The resulting report has both principles and recommendations to the Obama Administration on how it might best move forward on its management initiative “Putting Performance First.”  Robert Brodsky, with Government Executive, characterized the bottom line of the report as “Groups Warn Against Reinventing the Wheel on Management Reform,” which is actually a big step forward!

Principles:

  • Enhance the public’s right to know how well government programs work
  • Strengthen leadership and accountability from top to bottom
  • Modify, don’t trash, current systems
  • Re-balance the roles of OMB and federal agencies
  • Improve performance and accountability with positive reinforcement
  • Seek input from outside stakeholders

Recommendations:

  • Reform the implementation of the OMB Program Assessment Rating Tool and the Government Performance and Results Act by “developing ownership throughout agencies over performance measurement and reporting.”
  • Promote leadership and accountability by having leader focus on results and ensuring federal employees buy into the performance system.
  • Foster policy innovation and ownership with the use of positive reinforcement and an emphasis on improvement, not punishment.
  • Balance the roles of OMB and federal agencies by engaging agencies, and agency performance improvement officers, in program assessments and making OMB’s performance activities more transparent.
  • Engage outside stakeholders in providing feedback on program performance as well as linking performance reviews to the congressional budget process.

Some of these recommendations had been made in earlier reports (see GAO and IBM Center), but the good news is that the Administration seems to be committed to taking action on a number of them.

Legislating Good Program Performance

May 1, 2009

Congressmen Dennis Moore (D-KS) and Henry Cuellar (D-TX) have introduced legislation (H.R. 2142) that would require an effort equivalent to the Program Assessment Rating Tool (PART) and make Program Improvement Officers a statutory role

As much grumbling occurred among agency staff under President Bush’s performance improvement initiatives, that Congress didn’t care and didn’t use the information, it’s interesting to see that two Democrats have introduced legislation to make it permanent. 
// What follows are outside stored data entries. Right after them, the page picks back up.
(* Let $T$ be a complete countable theory and suppose the formula $\varphi(\bar x;\bar y)$ has the independence property for $T$. Then there are a countable model $M\models T$ and a sequence $\langle \bar b_n : n<\omega\rangle$ of tuples from $M$ with $\ell(\bar b_n)=\ell(\bar y)$ such that: (i) $\varphi$ has the independence property over this sequence, i.e. for all finite disjoint $A,B\subseteq\omega$, $M\models\exists\bar x\,\big(\bigwedge_{n\in A}\varphi(\bar x,\bar b_n)\wedge\bigwedge_{n\in B}\neg\varphi(\bar x,\bar b_n)\big)$; and (ii) for every $\bar a\in{}^{\ell(\bar x)}M$ there is a truth value $\mathbf{t}\in\{0,1\}$ such that for all but finitely many $n$, $M\models\varphi[\bar a,\bar b_n]^{\mathbf t}$.
   Context: For a formula $\psi$, $\psi^1$ denotes $\psi$ and $\psi^0$ denotes $\neg\psi$. *)

From mathcomp Require Import all_boot.
Set Implicit Arguments. Unset Strict Implicit. Unset Printing Implicit Defensive.

Record signature := Signature {
  fsym : countType;  fari : fsym -> nat;
  rsym : countType;  rari : rsym -> nat }.

Section Syntax.
Variable L : signature.

Inductive fterm (n : nat) : Type :=
| TVar : 'I_n -> fterm n
| TApp (f : fsym L) : ('I_(fari f) -> fterm n) -> fterm n.

Inductive fform : nat -> Type :=
| FEq  n : fterm n -> fterm n -> fform n
| FRel n (r : rsym L) : ('I_(rari r) -> fterm n) -> fform n
| FBot n : fform n
| FNot n : fform n -> fform n
| FAnd n : fform n -> fform n -> fform n
| FOr  n : fform n -> fform n -> fform n
| FImp n : fform n -> fform n -> fform n
| FAll n : fform n.+1 -> fform n
| FEx  n : fform n.+1 -> fform n.

Definition sentence := fform 0.
Definition theory := sentence -> Prop.
End Syntax.

Record structure (L : signature) := Structure {
  carrier :> Type;
  witness : carrier;
  fint : forall f : fsym L, ('I_(fari f) -> carrier) -> carrier;
  rint : forall r : rsym L, ('I_(rari r) -> carrier) -> Prop }.

Section Semantics.
Variables (L : signature) (M : structure L).

Fixpoint teval n (t : fterm L n) (e : 'I_n -> M) : M :=
  match t with
  | TVar i => e i
  | TApp f ts => @fint L M f (fun j => teval (ts j) e)
  end.

Definition scons n (x : M) (e : 'I_n -> M) : 'I_n.+1 -> M :=
  fun i => match unlift ord0 i with None => x | Some j => e j end.

Fixpoint sat n (phi : fform L n) : ('I_n -> M) -> Prop :=
  match phi in fform _ n return ('I_n -> M) -> Prop with
  | FEq _ t u => fun e => teval t e = teval u e
  | FRel _ r ts => fun e => @rint L M r (fun j => teval (ts j) e)
  | FBot _ => fun _ => False
  | FNot _ p => fun e => ~ sat p e
  | FAnd _ p q => fun e => sat p e /\ sat q e
  | FOr _ p q => fun e => sat p e \/ sat q e
  | FImp _ p q => fun e => sat p e -> sat q e
  | FAll _ p => fun e => forall x : M, sat p (scons x e)
  | FEx _ p => fun e => exists x : M, sat p (scons x e)
  end.

(* truth of a sentence ('I_0 is empty, so all assignments agree) *)
Definition sat_sentence (s : sentence L) : Prop := forall e : 'I_0 -> M, sat s e.

Definition is_model (T : theory L) : Prop := forall s, T s -> sat_sentence s.

Definition countable_structure : Prop := exists f : M -> nat, injective f.

(* the assignment (a, b) for a formula phi(x;y) with l(x) = k, l(y) = m:
   variables 0..k-1 are x, variables k..k+m-1 are y *)
Definition pair_env k m (a : 'I_k -> M) (b : 'I_m -> M) : 'I_(k + m) -> M :=
  fun i => match split i with inl j => a j | inr j => b j end.

Definition sat_xy k m (phi : fform L (k + m)) (a : 'I_k -> M) (b : 'I_m -> M) :=
  sat phi (pair_env a b).
End Semantics.

(* T is complete: it has a model, and decides every sentence
   (semantically: every sentence or its negation holds in all models of T) *)
Definition complete_theory (L : signature) (T : theory L) : Prop :=
  (exists M : structure L, is_model M T) /\
  forall s : sentence L,
    (forall M : structure L, is_model M T -> sat_sentence M s) \/
    (forall M : structure L, is_model M T -> sat_sentence M (FNot s)).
Here are the highlights of the “Government Efficiency, Effectiveness, and Performance Improvement Act:”

Program Assessments – Require that every federal program be assessed at least once every five years to evaluate the clarity of the program’s purpose and objectives, the quality of the program’s management and organizational design, the quality of the program’s strategic and performance planning and goals, and the effectiveness of the program in meeting its strategic objectives.
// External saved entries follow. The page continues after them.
Lemma cov_face y x : cov y x -> exists b, face b y x.
Proof. by case/orP => h; [exists false | exists true]. Qed.

Lemma le_cov y z x : cov z x -> le y z -> le y x.
Proof. by rewrite /le => czx lyz; apply: connect_trans lyz; apply: connect1. Qed.

Lemma closed_le S x y : Defs.closed S -> x \in S -> le y x -> y \in S.
Proof.
move=> cS + /connectP [p]; elim: p x => [|z p IH] x /= xS; first by move=> _ ->.
by case/andP=> czx pz ey; apply: IH pz ey; apply: cS czx.
Qed.

Lemma clos_id S : Defs.closed S -> clos S = S.
Proof.
move=> cS; apply/setP => y; rewrite inE; apply/existsP/idP.
  by case=> x /andP [xS lyx]; apply: closed_le lyx.
by move=> yS; exists y; rewrite yS; apply: connect0.
Qed.

Lemma mol_closed S : mol S -> Defs.closed S.
Proof.
elim=> {S} [x dx | k A B _ cA _ cB _ _ | n A B t _ cA _ cB _ _ _ _ _ _ _ _ hin hout] x' y.
- by rewrite inE => /eqP -> /og_dimS; rewrite dx.
- by rewrite !inE => /orP [/cA h /h -> | /cB h /h ->]; rewrite ?orbT.
- rewrite !inE => /orP [/eqP -> | /orP [/cA h /h -> | /cB h /h ->]]; rewrite ?orbT //.
  by case/orP; [rewrite hin | rewrite hout] => /andP [-> _]; rewrite ?orbT.
Qed.

End Ogposets.

Lemma morph_dim (P Q : ogpos) (f : P -> Q) x : is_morph f -> og_dim (f x) = og_dim x.
Proof.
move=> hf; elim: {x}(og_dim x) {-2}x (erefl (og_dim x)) => [|n IH] x dx.
  rewrite dx; case: (posnP (og_dim (f x))) => // /og_dim0 [z /cov_face [b hz]].
  have [_ _ /(_ z hz) [y /face_cov /og_dimS]] := hf b x.
  by rewrite dx.
have [y /cov_face [b hb]] : exists y, cov y x by apply: og_dim0; rewrite dx.
have dy : og_dim y = n by have := og_dimS (face_cov hb); rewrite dx => -[].
have [fface _ _] := hf b x.
by rewrite (og_dimS (face_cov (fface _ hb))) (IH y dy) dy dx.
Qed.

Lemma morph_comp (P Q R : ogpos) (f : P -> Q) (g : Q -> R) :
  is_morph f -> is_morph g -> is_morph (g \o f).
Proof.
move=> hf hg b x; have [f1 f2 f3] := hf b x; have [g1 g2 g3] := hg b (f x); split.
- by move=> y /f1 /g1.
- by move=> y1 y2 h1 h2 /= /g2 e; apply: f2 => //; apply: e; apply: f1.
- by move=> z /g3 [w /f3 [y hy <-] <-]; exists y.
Qed.

Section Embeddings.
Variables (P Q : ogpos) (f : P -> Q).
Hypotheses (f_morph : is_morph f) (f_inj : injective f).
Implicit Types (x y : P) (S : {set P}).

Let dim_f x : og_dim (f x) = og_dim x. Proof. exact: morph_dim. Qed.

Lemma face_emb b x y : face b (f y) (f x) = face b y x.
Proof.
apply/idP/idP => [h | ]; last by have [h _ _] := f_morph b x; apply: h.
by have [_ _ /(_ _ h) [y' hy' /f_inj <-]] := f_morph b x.
Qed.

Lemma face_emb_image b x z : face b z (f x) -> exists y, z = f y.
Proof. by have [_ _ h] := f_morph b x => /h [y _ <-]; exists y. Qed.

Lemma cov_emb x y : cov (f y) (f x) = cov y x.
Proof. by have := face_emb false x y; have := face_emb true x y; rewrite /cov /= => -> ->. Qed.

Lemma le_emb_image x z : le z (f x) -> exists2 y, z = f y & le y x.
Proof.
move=> /connectP [p]; elim: p x => [|a p IH] x /=.
  by move=> _ ->; exists x => //; apply: connect0.
case/andP=> /cov_face [b /[dup] hb /face_emb_image [a0 ea]] pa ez; subst a.
have [y -> ly] := IH a0 pa ez; exists y => //.
by apply: le_cov ly; rewrite -cov_emb; apply: face_cov hb.
Qed.

Lemma le_emb x y : le (f y) (f x) = le y x.
Proof.
apply/idP/idP => [/le_emb_image [y0 /f_inj -> //] |].
move=> /connectP [p]; elim: p x => [|a p IH] x /=; first by move=> _ ->; apply: connect0.
by case/andP=> cax pa ey; apply: (le_cov (z := f a)); [rewrite cov_emb | apply: IH pa ey].
Qed.

Lemma clos_imset S : clos (f @: S) = f @: clos S.
Proof.
apply/setP => z; rewrite inE; apply/existsP/imsetP.
  case=> _ /andP [/imsetP [x xS ->] /le_emb_image [y -> lyx]].
  by exists y => //; rewrite inE; apply/existsP; exists x; rewrite xS.
case=> y; rewrite inE => /existsP [x /andP [xS lyx]] ->.
by exists (f x); rewrite imset_f //= le_emb.
Qed.

Lemma maxel_imset S x : maxel (f @: S) (f x) = maxel S x.
Proof.
rewrite /maxel (mem_imset _ _ f_inj); congr andb.
apply/forallP/forallP => H y.
  apply/implyP => yS; have := H (f y).
  by rewrite imset_f // le_emb (inj_eq f_inj).
apply/implyP => /imsetP [y0 yS ->]; rewrite le_emb (inj_eq f_inj).
by have := H y0; rewrite yS.
Qed.

Lemma Delta_imset n b S : Delta n b (f @: S) = f @: Delta n b S.
Proof.
apply/setP => z; apply/idP/imsetP.
  rewrite inE => /andP [/imsetP [x xS ->] /andP [dn /forallP H]].
  exists x => //; rewrite inE xS -dim_f dn /=; apply/forallP => y.
  by apply/implyP => yS; have := H (f y); rewrite imset_f // face_emb.
case=> x; rewrite inE => /andP [xS /andP [dn /forallP H]] ->.
rewrite inE imset_f //= dim_f dn /=; apply/forallP => y.
apply/implyP => /imsetP [y0 y0S ->]; rewrite face_emb.
by have := H y0; rewrite y0S.
Qed.

Lemma bd_imset n b S : bd n b (f @: S) = f @: bd n b S.
Proof.
rewrite /bd Delta_imset -clos_imset imsetU; congr (clos (_ :|: _)).
apply/setP => z; apply/idP/imsetP.
  rewrite inE => /andP [/imsetP [x xS ->]]; rewrite maxel_imset dim_f => h.
  by exists x => //; rewrite inE xS.
case=> x; rewrite inE => /andP [xS h] ->.
by rewrite inE imset_f //= maxel_imset dim_f.
Qed.

Lemma bdp_imset n b S : bdp n b (f @: S) = f @: bdp n b S.
Proof. by case: n => [|n] /=; [rewrite imset0 | apply: bd_imset]. Qed.

Lemma dimS_imset S : dimS (f @: S) = dimS S.
Proof.
rewrite /dimS big_imset /=; last by move=> x y _ _; apply: f_inj.
by apply: eq_bigr => x _; exact: dim_f.
Qed.

Lemma round_imset S : round (f @: S) <-> round S.
Proof.
rewrite /round dimS_imset; split => H k /H; rewrite !bd_imset !bdp_imset.
  by rewrite -(imsetI (in2W f_inj)) -imsetU; apply: (imset_inj f_inj).
by rewrite -(imsetI (in2W f_inj)) -imsetU => ->.
Qed.

Lemma face_imset b t (A : {set P}) n :
  (forall y, face b y t = (y \in A) && (og_dim y == n)) ->
  forall z, face b z (f t) = (z \in f @: A) && (og_dim z == n).
Proof.
move=> H z; case Hz: (face b z (f t)).
  have [y ez] := face_emb_image Hz; subst z; move: Hz.
  by rewrite face_emb H (mem_imset _ _ f_inj) dim_f => ->.
apply/esym/negbTE/negP => /andP [/imsetP [y yA ez] dn]; subst z; move: Hz.
by rewrite face_emb H yA -dim_f dn.
Qed.

Lemma mol_imset S : mol S -> mol (f @: S).
Proof.
elim=> {S} [x dx | k A B _ mA _ mB hA hB | n A B t _ mA _ mB rA rB dA dB e1 e2 e3 tn hin hout].
- by rewrite imset_set1; constructor; rewrite dim_f.
- rewrite imsetU; apply: (mol_paste (k := k)) mA mB _ _;
    rewrite -(imsetI (in2W f_inj)) bd_imset; [by rewrite hA | by rewrite hB].
- rewrite imsetU1 imsetU; apply: (mol_arrow (n := n)) => //.
  + exact/round_imset.
  + exact/round_imset.
  + by rewrite dimS_imset.
  + by rewrite dimS_imset.
  + by rewrite !bdp_imset e1.
  + by rewrite !bdp_imset e2.
  + by rewrite -(imsetI (in2W f_inj)) !bdp_imset -imsetU e3.
  + by rewrite -imsetU (mem_imset _ _ f_inj).
  + exact: (face_imset (b := false)).
  + exact: (face_imset (b := true)).
Qed.

Lemma imset_preimset (T : {set Q}) S : T \subset f @: S -> f @: (f @^-1: T) = T.
Proof.
move=> sTS; apply/setP => z; apply/imsetP/idP => [[x] | zT]; first by rewrite inE => ? ->.
by have /imsetP [x _ ez] := subsetP sTS z zT; exists x; rewrite // inE -ez.
Qed.

Lemma mol_of_imset (T : {set Q}) : mol T -> forall S, T = f @: S -> mol S.
Proof.
elim=> {T} [z dz | k A B _ IHA _ IHB hA hB
            | n A B t _ IHA _ IHB rA rB dA dB e1 e2 e3 tn hin hout] S eT.
- have /imsetP [x _ ez] : z \in f @: S by rewrite -eT set11.
  rewrite ez -imset_set1 in eT; rewrite -(imset_inj f_inj eT).
  by constructor; rewrite -dim_f -ez.
- have sA : A \subset f @: S by rewrite -eT subsetUl.
  have sB : B \subset f @: S by rewrite -eT subsetUr.
  move: (f @^-1: A) (f @^-1: B) (imset_preimset sA) (imset_preimset sB) => A0 B0 eA eB.
  subst A B.
  rewrite -(imsetI (in2W f_inj)) !bd_imset in hA hB.
  rewrite -imsetU in eT; rewrite -(imset_inj f_inj eT).
  apply: (mol_paste (k := k)); [exact: IHA | exact: IHB | |].
  + exact: (imset_inj f_inj hA).
  + exact: (imset_inj f_inj hB).
- have sA : A \subset f @: S by rewrite -eT setUCA subsetUl.
  have sB : B \subset f @: S by rewrite -eT setUA subsetUr.
  have /imsetP [t0 _ et] : t \in f @: S by rewrite -eT setU11.
  move: (f @^-1: A) (f @^-1: B) (imset_preimset sA) (imset_preimset sB) => A0 B0 eA eB.
  subst t A B; rewrite -imsetU -imsetU1 in eT; rewrite -(imset_inj f_inj eT).
  rewrite !bdp_imset in e1 e2 e3; rewrite -(imsetI (in2W f_inj)) -imsetU in e3.
  apply: (mol_arrow (n := n)).
  + exact: IHA.
  + exact: IHB.
  + exact/round_imset.
  + exact/round_imset.
  + by rewrite -dimS_imset.
  + by rewrite -dimS_imset.
  + exact: (imset_inj f_inj e1).
  + exact: (imset_inj f_inj e2).
  + exact: (imset_inj f_inj e3).
  + by rewrite -imsetU (mem_imset _ _ f_inj) in tn.
  + move=> y; have := hin (f y).
    by rewrite (mem_imset _ _ f_inj) dim_f -/(face false _ _) face_emb.
  + move=> y; have := hout (f y).
    by rewrite (mem_imset _ _ f_inj) dim_f -/(face true _ _) face_emb.
Qed.

Lemma mol_imsetE S : mol (f @: S) <-> mol S.
Proof. by split => [/mol_of_imset /(_ S erefl) | /mol_imset]. Qed.

End Embeddings.

Lemma iso_inv_morph (P Q : ogpos) (f : P -> Q) (g : Q -> P) :
  og_iso f -> cancel f g -> cancel g f -> is_morph g.
Proof.
move=> [f_morph _] fK gK b x; have f_inj := can_inj fK.
split=> [y | y1 y2 _ _ | z].
- by rewrite -(face_emb f_morph f_inj) !gK.
- by move/(can_inj gK).
- by move=> h; exists (f z); rewrite ?fK // -[x]gK (face_emb f_morph f_inj).
Qed.

Lemma ismol_iso (P Q : ogpos) (f : P -> Q) : og_iso f -> ismol Q -> ismol P.
Proof.
move=> /[dup] f_iso [_ [g fK gK]] mQ; rewrite /ismol.
have <- : g @: setT = setT by apply/setP => x; rewrite inE -(fK x) imset_f.
exact: mol_imset (iso_inv_morph f_iso fK gK) (can_inj gK) _ mQ.
Qed.

Lemma subincl_morph (P : ogpos) (S : {set P}) : is_morph (@subincl P S).
Proof.
move=> b x; split=> // [y1 y2 _ _ | z h]; first exact: val_inj.
have zS : z \in clos S by apply: clos_closed (valP x) (face_cov h).
by exists (exist _ z zS).
Qed.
Assessment Reports – Require that comprehensive assessment reports summarizing the findings of each assessment be submitted along with the President’s budget every year.

Improvement Plans – Require agencies to submit, within 90 days after the submission of assessment reports, improvement plans that lay out the managerial, organizational, and operational reforms the agency will implement to respond to the issues raised in the assessment report and to improve the performance of the program.

Agency Performance Improvement Officers and the Performance Improvement Council – Create “agency performance improvement officers” to supervise the performance management activities of agencies, and the Performance Improvement Council, which will assist in the development of performance standards and evaluation methodologies, identify best practices in federal performance management practices, and facilitate the exchange the exchange of information on performance among agencies.  These officers and council were originally created by President Bush by executive order.

What are the bill’s prospects?  That’s a good question.  President Obama, during his campaign, said he would keep the Bush-era PART but “fundamentally” change some of the elements.  An IBM Center report by Shelley Metzenbaum offers some ideas of how that might be done, but this doesn’t require legislation.  The introduction of this bill, however, provides an incentive for action by the new Administration, even if it goes no where legislatively.

Obama Announces Reform Agenda

September 23, 2008
Sen. Barack Obama

Sen. Barack Obama

Senator Barak Obama described his Washington reform agenda yesterday in a speech in Wisconsin.  It was backed up with an 11-page list of fairly specific action steps.  His agenda was divided into three parts – one on curbing lobbyist and special interest groups, one on government reform, and one addressing the need to modernize financial regulations to deal with the ongoing crisis in the financial markets.  In the section dealing with curbing influence, he reiterated previous pledges such as conducting significant public business of agencies in public, archiving videos of these meetings on the web, and requiring cabinet officials to have periodic “21st Century Fireside Chats.”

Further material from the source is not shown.